(Provided records begins)
(* Let $\mathcal M$ be a complete, connected Riemannian manifold, let $A=(a_{ij})\in\mathbb R^{N\times K}$ have unit row sums, let $f\in\mathcal M^N$, $p\in[1,\infty)$, $\lambda>0$, and let $R:\mathcal M^K\to[0,\infty)$ be a regularizing term. Assume that $R$ is lower semicontinuous and that for every sequence $(u^{(n)})_n$ in $\mathcal M^K$ with $\operatorname{diam}(u^{(n)})\to\infty$ one has $R(u^{(n)})\to\infty$. Then the variational problem $$\min_{u\in\mathcal M^K}\ \mathrm{dist}(\mathcal A(u),f)^p+\lambda R(u)$$ has a minimizer.
   Context: $\mathrm{dist}$ denotes the Riemannian distance on $\mathcal M$. The entries $a_{ij}$ of $A$ may be negative; only $\sum_j a_{ij}=1$ for each $i$ is assumed. For $u=(u_1,\dots,u_K)\in\mathcal M^K$ and $i\in\{1,\dots,N\}$, let $\mathrm{mean}(a_{i,\cdot},u)=\operatorname{argmin}_{v\in\mathcal M}\sum_{j=1}^K a_{ij}\,\mathrm{dist}(v,u_j)^2$ (the set of all minimizers), and let $\mathcal A(u)_i$ be the set of those elements of $\mathrm{mean}(a_{i,\cdot},u)$ that minimize $v\mapsto \mathrm{dist}(v,f_i)$ over $\mathrm{mean}(a_{i,\cdot},u)$ (the weighted Riemannian means closest to $f_i$). All elements of $\mathcal A(u)_i$ have the same distance to $f_i$, denoted $\mathrm{dist}(\mathcal A(u)_i,f_i)$, and the data term is $\mathrm{dist}(\mathcal A(u),f)^p=\sum_{i=1}^N \mathrm{dist}(\mathcal A(u)_i,f_i)^p$. For $u\in\mathcal M^K$, $\operatorname{diam}(u)=\max_{j,k}\mathrm{dist}(u_j,u_k)$ is the diameter of the set of entries of $u$. *)

From Stdlib Require Import Reals Lra.
Open Scope R_scope.
(* E |-> (E :|: S, E :&: S) maps X bijectively onto [set E in X | S \subset E] * powerset S. *)
Lemma card_invariant_outside (T : finType) (X : {set {set T}}) (S : {set T}) :
  (forall E F, E :\: S = F :\: S -> (E \in X) = (F \in X)) ->
  #|X| = #|[set E in X | S \subset E]| * 2 ^ #|S|.
Proof.
move=> X_outside.
have setUDK E : (E :|: S) :\: S = E :\: S by rewrite setDUl setDv setU0.
pose phi E := (E :|: S, E :&: S).
have phi_inj : {in X &, injective phi}.
  move=> E F _ _ [EF_US EF_IS].
  by rewrite -(setID E S) -(setID F S) -setUDK -(setUDK F) EF_US EF_IS.
rewrite -(card_in_imset phi_inj) -card_powerset -cardsX.
apply: eq_card => -[F B]; rewrite !inE /=; apply/imsetP/idP.
- move=> [E EX [-> ->]].
  by rewrite subsetUr subsetIr (X_outside _ E) ?EX ?setUDK.
- move=> /andP[/andP[FX SF] BS]; exists (F :\: S :|: B).
  + rewrite (X_outside _ F) // setDUl setDDl setUid.
    by move: BS; rewrite -setD_eq0 => /eqP ->; rewrite setU0.
  + congr pair; apply/setP => x; rewrite !inE;
    move/implyP: (subsetP SF x); move/implyP: (subsetP BS x);
    by case: (x \in B); case: (x \in S); case: (x \in F).
Qed.

Lemma leq_expn2r m n e : m <= n -> m ^ e <= n ^ e.
Proof. by move=> le_mn; case: e => [|e] //; rewrite leq_exp2r. Qed.

Lemma bernoulli_expnS x n : x ^ n.+1 + n.+1 * x ^ n <= (x + 1) ^ n.+1.
Proof.
elim: n => [|n IHn]; first by rewrite !expn1 expn0; lia.
rewrite [(x + 1) ^ _]expnS; apply: leq_trans (leq_mul (leqnn (x + 1)) IHn).
rewrite !expnS; nia.
Qed.

Lemma double_predn_expn_le a : 0 < a -> 2 * (a - 1) ^ a <= a ^ a.
Proof.
case: a => // b _; rewrite subn1 /=.
have := bernoulli_expnS b b; rewrite addn1.
have : b ^ b.+1 <= b.+1 * b ^ b by rewrite expnS leq_mul2r leqnSn orbT.
lia.
Qed.

(* (1 - 1/a)^a <= 1/2, raised to the power t. *)
Lemma predn_expn_decay a m t : 0 < a -> a * t <= m -> (a - 1) ^ m * 2 ^ t <= a ^ m.
Proof.
move=> a_gt0 le_at_m; rewrite -(subnKC le_at_m) !expnD mulnAC.
apply: leq_mul; last exact/leq_expn2r/leq_subr.
by rewrite !expnM -expnMn mulnC; apply/leq_expn2r/double_predn_expn_le.
Qed.

Lemma poly_le_exp2 j : 10 <= j -> 3 * j * j + 10 * j + 5 <= 2 ^ j.
Proof.
elim: j => // j IHj; rewrite leq_eqVlt => /orP[/eqP <- // | lt9j].
by have := IHj lt9j; rewrite expnS; nia.
Qed.

Lemma union_bound_small k : 30 <= k ->
  (2 ^ k).+1 ^ (k %/ 3) * 3 ^ k * 2 ^ (k %/ 3) <= 2 ^ (2 ^ (k %/ 3) - 1).
Proof.
move=> le30k; set j := k %/ 3.
have le10j : 10 <= j by rewrite /j; lia.
have le_k_3j : k <= 3 * j + 2 by rewrite /j; lia.
have vertices_le : (2 ^ k).+1 <= 2 ^ (3 * j + 3).
  apply: leq_trans (_ : 2 ^ k.+1 <= _); last by rewrite leq_exp2l //; lia.
  by rewrite expnS mul2n -addnn -addn1 leq_add2l expn_gt0.
have patterns_le : 3 ^ k <= 2 ^ (6 * j + 4).
  apply: leq_trans (@leq_expn2r 3 4 k isT) _.
  by rewrite (_ : 4 = 2 ^ 2) // -expnM leq_exp2l //; lia.
apply: leq_trans (_ : 2 ^ ((3 * j + 3) * j) * 2 ^ (6 * j + 4) * 2 ^ j <= _).
  by rewrite leq_mul2r leq_mul ?orbT // expnM leq_expn2r.
by rewrite -!expnD leq_exp2l //; have := poly_le_exp2 le10j; nia.
Qed.

Section Stars.

Variable T : finType.
Implicit Types U W : {set T}.

Definition unordered_pairs : {set {set T}} := [set e : {set T} | #|e| == 2].

Definition star (U : {set T}) (w : T) : {set {set T}} := [set [set u; w] | u in U].

Definition no_common_nbr (U W : {set T}) : {set {set {set T}}} :=
  [set E : {set {set T}} | (E \subset unordered_pairs) &&
     [forall w in W, exists u in U, [set u; w] \notin E]].

Section OneStar.

Variables (U : {set T}) (w : T).
Hypothesis wU : w \notin U.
(Provided records ends)
## Assigned task:
Give back every line of the data above exactly as written.

## Output of the task:
(* Let $\mathcal M$ be a complete, connected Riemannian manifold, let $A=(a_{ij})\in\mathbb R^{N\times K}$ have unit row sums, let $f\in\mathcal M^N$, $p\in[1,\infty)$, $\lambda>0$, and let $R:\mathcal M^K\to[0,\infty)$ be a regularizing term. Assume that $R$ is lower semicontinuous and that for every sequence $(u^{(n)})_n$ in $\mathcal M^K$ with $\operatorname{diam}(u^{(n)})\to\infty$ one has $R(u^{(n)})\to\infty$. Then the variational problem $$\min_{u\in\mathcal M^K}\ \mathrm{dist}(\mathcal A(u),f)^p+\lambda R(u)$$ has a minimizer.
   Context: $\mathrm{dist}$ denotes the Riemannian distance on $\mathcal M$. The entries $a_{ij}$ of $A$ may be negative; only $\sum_j a_{ij}=1$ for each $i$ is assumed. For $u=(u_1,\dots,u_K)\in\mathcal M^K$ and $i\in\{1,\dots,N\}$, let $\mathrm{mean}(a_{i,\cdot},u)=\operatorname{argmin}_{v\in\mathcal M}\sum_{j=1}^K a_{ij}\,\mathrm{dist}(v,u_j)^2$ (the set of all minimizers), and let $\mathcal A(u)_i$ be the set of those elements of $\mathrm{mean}(a_{i,\cdot},u)$ that minimize $v\mapsto \mathrm{dist}(v,f_i)$ over $\mathrm{mean}(a_{i,\cdot},u)$ (the weighted Riemannian means closest to $f_i$). All elements of $\mathcal A(u)_i$ have the same distance to $f_i$, denoted $\mathrm{dist}(\mathcal A(u)_i,f_i)$, and the data term is $\mathrm{dist}(\mathcal A(u),f)^p=\sum_{i=1}^N \mathrm{dist}(\mathcal A(u)_i,f_i)^p$. For $u\in\mathcal M^K$, $\operatorname{diam}(u)=\max_{j,k}\mathrm{dist}(u_j,u_k)$ is the diameter of the set of entries of $u$. *)

From Stdlib Require Import Reals Lra.
Open Scope R_scope.
(* E |-> (E :|: S, E :&: S) maps X bijectively onto [set E in X | S \subset E] * powerset S. *)
Lemma card_invariant_outside (T : finType) (X : {set {set T}}) (S : {set T}) :
  (forall E F, E :\: S = F :\: S -> (E \in X) = (F \in X)) ->
  #|X| = #|[set E in X | S \subset E]| * 2 ^ #|S|.
Proof.
move=> X_outside.
have setUDK E : (E :|: S) :\: S = E :\: S by rewrite setDUl setDv setU0.
pose phi E := (E :|: S, E :&: S).
have phi_inj : {in X &, injective phi}.
  move=> E F _ _ [EF_US EF_IS].
  by rewrite -(setID E S) -(setID F S) -setUDK -(setUDK F) EF_US EF_IS.
rewrite -(card_in_imset phi_inj) -card_powerset -cardsX.
apply: eq_card => -[F B]; rewrite !inE /=; apply/imsetP/idP.
- move=> [E EX [-> ->]].
  by rewrite subsetUr subsetIr (X_outside _ E) ?EX ?setUDK.
- move=> /andP[/andP[FX SF] BS]; exists (F :\: S :|: B).
  + rewrite (X_outside _ F) // setDUl setDDl setUid.
    by move: BS; rewrite -setD_eq0 => /eqP ->; rewrite setU0.
  + congr pair; apply/setP => x; rewrite !inE;
    move/implyP: (subsetP SF x); move/implyP: (subsetP BS x);
    by case: (x \in B); case: (x \in S); case: (x \in F).
Qed.

Lemma leq_expn2r m n e : m <= n -> m ^ e <= n ^ e.
Proof. by move=> le_mn; case: e => [|e] //; rewrite leq_exp2r. Qed.

Lemma bernoulli_expnS x n : x ^ n.+1 + n.+1 * x ^ n <= (x + 1) ^ n.+1.
Proof.
elim: n => [|n IHn]; first by rewrite !expn1 expn0; lia.
rewrite [(x + 1) ^ _]expnS; apply: leq_trans (leq_mul (leqnn (x + 1)) IHn).
rewrite !expnS; nia.
Qed.

Lemma double_predn_expn_le a : 0 < a -> 2 * (a - 1) ^ a <= a ^ a.
Proof.
case: a => // b _; rewrite subn1 /=.
have := bernoulli_expnS b b; rewrite addn1.
have : b ^ b.+1 <= b.+1 * b ^ b by rewrite expnS leq_mul2r leqnSn orbT.
lia.
Qed.

(* (1 - 1/a)^a <= 1/2, raised to the power t. *)
Lemma predn_expn_decay a m t : 0 < a -> a * t <= m -> (a - 1) ^ m * 2 ^ t <= a ^ m.
Proof.
move=> a_gt0 le_at_m; rewrite -(subnKC le_at_m) !expnD mulnAC.
apply: leq_mul; last exact/leq_expn2r/leq_subr.
by rewrite !expnM -expnMn mulnC; apply/leq_expn2r/double_predn_expn_le.
Qed.

Lemma poly_le_exp2 j : 10 <= j -> 3 * j * j + 10 * j + 5 <= 2 ^ j.
Proof.
elim: j => // j IHj; rewrite leq_eqVlt => /orP[/eqP <- // | lt9j].
by have := IHj lt9j; rewrite expnS; nia.
Qed.

Lemma union_bound_small k : 30 <= k ->
  (2 ^ k).+1 ^ (k %/ 3) * 3 ^ k * 2 ^ (k %/ 3) <= 2 ^ (2 ^ (k %/ 3) - 1).
Proof.
move=> le30k; set j := k %/ 3.
have le10j : 10 <= j by rewrite /j; lia.
have le_k_3j : k <= 3 * j + 2 by rewrite /j; lia.
have vertices_le : (2 ^ k).+1 <= 2 ^ (3 * j + 3).
  apply: leq_trans (_ : 2 ^ k.+1 <= _); last by rewrite leq_exp2l //; lia.
  by rewrite expnS mul2n -addnn -addn1 leq_add2l expn_gt0.
have patterns_le : 3 ^ k <= 2 ^ (6 * j + 4).
  apply: leq_trans (@leq_expn2r 3 4 k isT) _.
  by rewrite (_ : 4 = 2 ^ 2) // -expnM leq_exp2l //; lia.
apply: leq_trans (_ : 2 ^ ((3 * j + 3) * j) * 2 ^ (6 * j + 4) * 2 ^ j <= _).
  by rewrite leq_mul2r leq_mul ?orbT // expnM leq_expn2r.
by rewrite -!expnD leq_exp2l //; have := poly_le_exp2 le10j; nia.
Qed.

Section Stars.

Variable T : finType.
Implicit Types U W : {set T}.

Definition unordered_pairs : {set {set T}} := [set e : {set T} | #|e| == 2].

Definition star (U : {set T}) (w : T) : {set {set T}} := [set [set u; w] | u in U].

Definition no_common_nbr (U W : {set T}) : {set {set {set T}}} :=
  [set E : {set {set T}} | (E \subset unordered_pairs) &&
     [forall w in W, exists u in U, [set u; w] \notin E]].

Section OneStar.

Variables (U : {set T}) (w : T).
Hypothesis wU : w \notin U.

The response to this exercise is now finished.